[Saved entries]
Definition is_hom {S} (A B : alg S) (f : A -> B) : Prop :=
  f (zero A) = zero B /\
  (forall x y, f (add x y) = add (f x) (f y)) /\
  (forall x, f (opp x) = opp (f x)) /\
  (forall i x y, f (op i x y) = op i (f x) (f y)) /\
  (forall u x, f (un u x) = un u (f x)).
Arguments is_hom {S A B} f.

Definition split_ext (C : MCI) (R E B : alg C)
  (i : E -> B) (p : B -> R) (sigma : R -> B) : Prop :=
  inC C B /\ is_hom i /\ is_hom p /\ is_hom sigma /\
  (forall x y, i x = i y -> x = y) /\
  (forall b, p b = zero R <-> exists e, b = i e) /\
  (forall r, p (sigma r) = r).
Arguments split_ext {C R E B} i p sigma.

(** Derived action of R on E:  r·e = sigma(r) + e - sigma(r),
    r * e = sigma(r) * e, induced by some split extension of R by E. *)
Record daction (C : MCI) (R E : alg C) := DAction {
  dot : R -> E -> E;
  dop : binI C -> R -> E -> E
}.
Arguments daction {C} R E.
Arguments dot {C R E} _ _ _.
Arguments dop {C R E} _ _ _ _.

Definition is_derived_action (C : MCI) (R E : alg C) (D : daction R E) : Prop :=
  exists (B : alg C) (i : E -> B) (p : B -> R) (sigma : R -> B),
    split_ext i p sigma /\
    (forall r e, i (dot D r e) = add (add (sigma r) (i e)) (opp (sigma r))) /\
    (forall k r e, i (dop D k r e) = op k (sigma r) (i e)).
Arguments is_derived_action {C R E} D.

Definition crossed_module (C : MCI) (E R : alg C) (d : E -> R)
  (D : daction R E) : Prop :=
  inC C E /\ inC C R /\ is_hom d /\ is_derived_action D /\
  (forall r e, d (dot D r e) = add (add r (d e)) (opp r)) /\
  (forall k r e, d (dop D k r e) = op k r (d e)) /\
  (forall e e', dot D (d e) e' = add (add e e') (opp e)) /\
  (forall k e e', dop D k (d e) e' = op k e e').
Arguments crossed_module {C E R} d D.

Definition xmod_morphism (C : MCI) (E R E' R' : alg C)
  (d : E -> R) (D : daction R E) (d' : E' -> R') (D' : daction R' E')
  (f1 : E -> E') (f0 : R -> R') : Prop :=
  is_hom f1 /\ is_hom f0 /\
  (forall e, d' (f1 e) = f0 (d e)) /\
  (forall r e, f1 (dot D r e) = dot D' (f0 r) (f1 e)) /\
  (forall k r e, f1 (dop D k r e) = dop D' k (f0 r) (f1 e)).
Arguments xmod_morphism {C E R E' R'} d D d' D' f1 f0.

Definition derivation (C : MCI) (R R' E' : alg C) (D' : daction R' E')
  (f0 : R -> R') (s : R -> E') : Prop :=
  (forall g h, s (add g h) = add (dot D' (f0 (opp h)) (s g)) (s h)) /\
  (forall k g h, s (op k g h) =
      add (add (dop D' k (f0 g) (s h)) (dop D' (dual C k) (f0 h) (s g)))
          (op k (s g) (s h))).
Arguments derivation {C R R' E'} D' f0 s.

Definition connects (C : MCI) (E R E' R' : alg C)
  (d : E -> R) (d' : E' -> R')
  (f1 : E -> E') (f0 : R -> R') (g1 : E -> E') (g0 : R -> R') (s : R -> E')
  : Prop :=
  (forall r, g0 r = add (f0 r) (d' (s r))) /\
  (forall e, g1 e = add (f1 e) (s (d e))).
Arguments connects {C E R E' R'} d d' f1 f0 g1 g0 s.

(** Since [g0 r = f0 r + d'(s r)], the Peiffer identities make the action of [g0 r] on
    [E'] conjugation by [s r] followed by the action of [f0 r], and the product action of
    [g0 r] that of [f0 r] plus multiplication by [s r].  Substituting this into the two
    derivation laws of [s], the laws for [-s] reduce to group identities in [E'], using
    [f0 (-h) · s (-h) = -(s h)] and the centrality of products.  The connecting identities
    for [-s] are those for [s] solved for [f]. *)
Set Implicit Arguments.

Definition is_group {S} (A : alg S) : Prop :=
  (forall x y z : A, add x (add y z) = add (add x y) z) /\
  (forall x : A, add (zero A) x = x) /\
  (forall x : A, add x (zero A) = x) /\
  (forall x : A, add (opp x) x = zero A) /\
  (forall x : A, add x (opp x) = zero A).

Section Group.
Variable S : signature.
Variable A : alg S.
Hypothesis hA : is_group A.

Lemma addA (x y z : A) : add (add x y) z = add x (add y z).
Proof. destruct hA as [h _]; symmetry; apply h. Qed.
Lemma add0g (x : A) : add (zero A) x = x.
Proof. destruct hA as [_ [h _]]; apply h. Qed.
Lemma addg0 (x : A) : add x (zero A) = x.
Proof. destruct hA as [_ [_ [h _]]]; apply h. Qed.
Lemma addNg (x : A) : add (opp x) x = zero A.
Proof. destruct hA as [_ [_ [_ [h _]]]]; apply h. Qed.
Lemma addgN (x : A) : add x (opp x) = zero A.
Proof. destruct hA as [_ [_ [_ [_ h]]]]; apply h. Qed.
Lemma addKg (x y : A) : add (opp x) (add x y) = y.
Proof. rewrite <- addA, addNg, add0g; reflexivity. Qed.
Lemma addNKg (x y : A) : add x (add (opp x) y) = y.
Proof. rewrite <- addA, addgN, add0g; reflexivity. Qed.
Lemma addI (x y z : A) : add x y = add x z -> y = z.
Proof. intro H. rewrite <- (addKg x y), H, addKg; reflexivity. Qed.
Lemma opp_unique (x y : A) : add x y = zero A -> y = opp x.
Proof. intro H. rewrite <- (addKg x y), H, addg0; reflexivity. Qed.
Lemma opp_unique_l (x y : A) : zero A = add x y -> x = opp y.
Proof. intro H. rewrite <- (addg0 x), <- (addgN y), <- addA, <- H, add0g; reflexivity. Qed.
Lemma oppD (x y : A) : opp (add x y) = add (opp y) (opp x).
Proof. symmetry; apply opp_unique. rewrite addA, addNKg, addgN; reflexivity. Qed.
Lemma oppK (x : A) : opp (opp x) = x.
Proof. symmetry; apply opp_unique, addNg. Qed.
Lemma opp0 : opp (zero A) = zero A.
Proof. symmetry; apply opp_unique, add0g. Qed.
Lemma idempotent_eq0 (x : A) : add x x = x -> x = zero A.
Proof. intro H. apply (addI x). rewrite H, addg0; reflexivity. Qed.
End Group.

Ltac group_simpl h :=
  repeat progress rewrite ?(addA h), ?(add0g h), ?(addg0 h), ?(addNg h), ?(addgN h),
    ?(addKg h), ?(addNKg h), ?(oppD h), ?(oppK h), ?(opp0 h).

Lemma inC_group (C : MCI) (A : alg C) : inC C A -> is_group A.
Proof. intros [[h1 [h2 [h3 [h4 [h5 _]]]]] _]. repeat split; assumption. Qed.

Section Operations.
Variable C : MCI.
Variable A : alg C.
Hypothesis hA : inC C A.

Lemma op_dual k (x y : A) : op (dual C k) x y = op k y x.
Proof. destruct hA as [[_ [_ [_ [_ [_ [h _]]]]]] _]. apply h. Qed.
Lemma opD k (x y z : A) : op k x (add y z) = add (op k x y) (op k x z).
Proof. destruct hA as [[_ [_ [_ [_ [_ [_ [h _]]]]]]] _]. apply h. Qed.
Lemma op_central k (x y z : A) : add z (op k x y) = add (op k x y) z.
Proof. destruct hA as [[_ [_ [_ [_ [_ [_ [_ [_ [_ [h _]]]]]]]]]] _]. apply h. Qed.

**WORK ORDER:** In the entries above, find each line that has the word "oppK". Copy it.

**EXPECTED ANSWER:**
Lemma oppK (x : A) : opp (opp x) = x.
    ?(addKg h), ?(addNKg h), ?(oppD h), ?(oppK h), ?(opp0 h).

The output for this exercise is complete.